CAISO hoped Bonneville Power Administration’s implementation of 15-minute scheduling — synching it with CAISO’s schedule — would boost exports from the Pacific Northwest. But the change had little impact on trading activity.
“The CAISO does not yet understand the causes of this low market liquidity,” the grid operator wrote in an April 2015 filing asking FERC to extend the suspension of convergence bidding on the interties. “Based on informal feedback from market participants, the CAISO believes that some of the possible causes may be neighboring balancing areas not supporting 15-minute schedule changes, difficulty in procuring transmission in 15-minute blocks, an absence of bilateral trading at a 15-minute granularity and reticence of resource owners to adjust their output within the hour.”
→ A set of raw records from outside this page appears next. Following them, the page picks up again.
(* Let $k\geqslant 3$ and $\Delta\geqslant 3$ be integers, let $G$ be a finite, simple, connected graph of maximum degree $\Delta$, and let $s$ be a nonnegative integer with $s\leqslant \frac{k-5}{12}$. If $g_k(G)<f(s,\Delta)+1$, then $G$ has diameter at most $k+2s$.
   Context: For integers $m\geqslant 0$ and $\Delta$, let $f(m,\Delta)=\Delta\sum_{i=0}^{m-1}(\Delta-1)^i$ (so $f(0,\Delta)=0$). For a graph $G$, its $k$-th power $G^k$ is the graph on $V(G)$ in which two distinct vertices are adjacent iff their distance in $G$ is at most $k$. $\chi$ denotes the chromatic number and $\Delta(G)$ the maximum degree of $G$. The $k$-gap of $G$ is $g_k(G)=f(k,\Delta(G))+1-\chi(G^k)$. *)

From mathcomp Require Import all_boot all_order all_algebra.
Set Implicit Arguments. Unset Strict Implicit. Unset Printing Implicit Defensive.

(* Simple graphs: a symmetric irreflexive relation e on a finType T. *)

Definition fmd (m D : nat) : nat := D * \sum_(i < m) (D - 1) ^ i.

Definition deg (T : finType) (e : rel T) (x : T) : nat := #|[set y | e x y]|.
Definition maxdeg (T : finType) (e : rel T) : nat := \max_(x : T) deg e x.

Fixpoint within (T : finType) (e : rel T) (n : nat) (x y : T) : bool :=
  match n with
  | 0 => x == y
  | n'.+1 => within e n' x y || [exists z, within e n' x z && e z y]
  end.

(* graph distance; for connected graphs it is the least n with a walk of
   length n (always < #|T|); for unreachable pairs it defaults to #|T|. *)
Definition dist (T : finType) (e : rel T) (x y : T) : nat :=
  find (fun n => within e n x y) (iota 0 #|T|).

Definition diameter (T : finType) (e : rel T) : nat :=
  \max_(x : T) \max_(y : T) dist e x y.

Definition powrel (T : finType) (e : rel T) (k : nat) : rel T :=
  fun x y => (x != y) && within e k x y.

Definition colorable (T : finType) (r : rel T) (c : nat) : bool :=
  [exists f : {ffun T -> 'I_c},
     [forall x, forall y, ((x != y) && r x y) ==> (f x != f y)]].

Lemma colorable_card (T : finType) (r : rel T) : exists c, colorable r c.
Proof.
exists #|T|; apply/existsP; exists [ffun x => enum_rank x].
apply/forallP => x; apply/forallP => y; apply/implyP => /andP [Hxy _].
by rewrite !ffunE; apply: contra Hxy => /eqP /enum_rank_inj ->.
Qed.

Definition chi (T : finType) (r : rel T) : nat := ex_minn (colorable_card r).

Definition kgap (T : finType) (e : rel T) (k : nat) : int :=
  (fmd k (maxdeg e) + 1)%:Z - (chi (powrel e k))%:Z.

(* Suppose two vertices u, v are at distance k + 2s + 1; we colour G^k with
   f(k,D) - f(s,D) colours, so that g_k(G) > f(s,D).  Write q = D - 1 and
   W n = 1 + q + ... + q^(n-1), so that f(n,D) = D * W n.  A Moore-type count
   in breadth-first trees shows that if s < d(x,z) and d(x,z) + s <= k, at
   most D * W k - D * W s vertices of the k-ball around x lie outside the
   s-ball around z.  The s-balls A, B around u and v are more than k apart,
   so they are precoloured with max(|A|,|B|) colours.  The other vertices are
   coloured greedily by decreasing distance from the vertex w at distance
   4s + 2 from u on a geodesic to v.  A vertex x within s of w has A and B in
   its k-ball, and the count with z = u (resp. z = v) leaves room for the |B|
   (resp. |A|) precoloured vertices; a vertex x farther from w has a vertex z
   towards w whose s-ball avoids A and B and is coloured after x. *)

From mathcomp Require Import all_boot all_order all_algebra zify.
Import Order.TTheory GRing.Theory Num.Theory.
Set Implicit Arguments. Unset Strict Implicit. Unset Printing Implicit Defensive.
According to a report by CAISO’s Department of Market Monitoring (DMM), low 15-minute liquidity could translate into a situation in which convergence bids would first settle at a day-ahead market price that includes intertie congestion, then be liquidated at a 15-minute market price not subject to congestion because of light physical volumes. That would give bidders incentive to profit from the structural differences between congestion prices in the day-ahead market and the 15-minute market.
“Regardless of the causes,” CAISO wrote in its April 2015 filing, “based on DMM’s recent analysis, the CAISO has determined that the existence of such low market liquidity, as evidenced by the lack of economic bids submitted in the 15-minute market, makes it problematic to reinstate intertie virtual bidding.”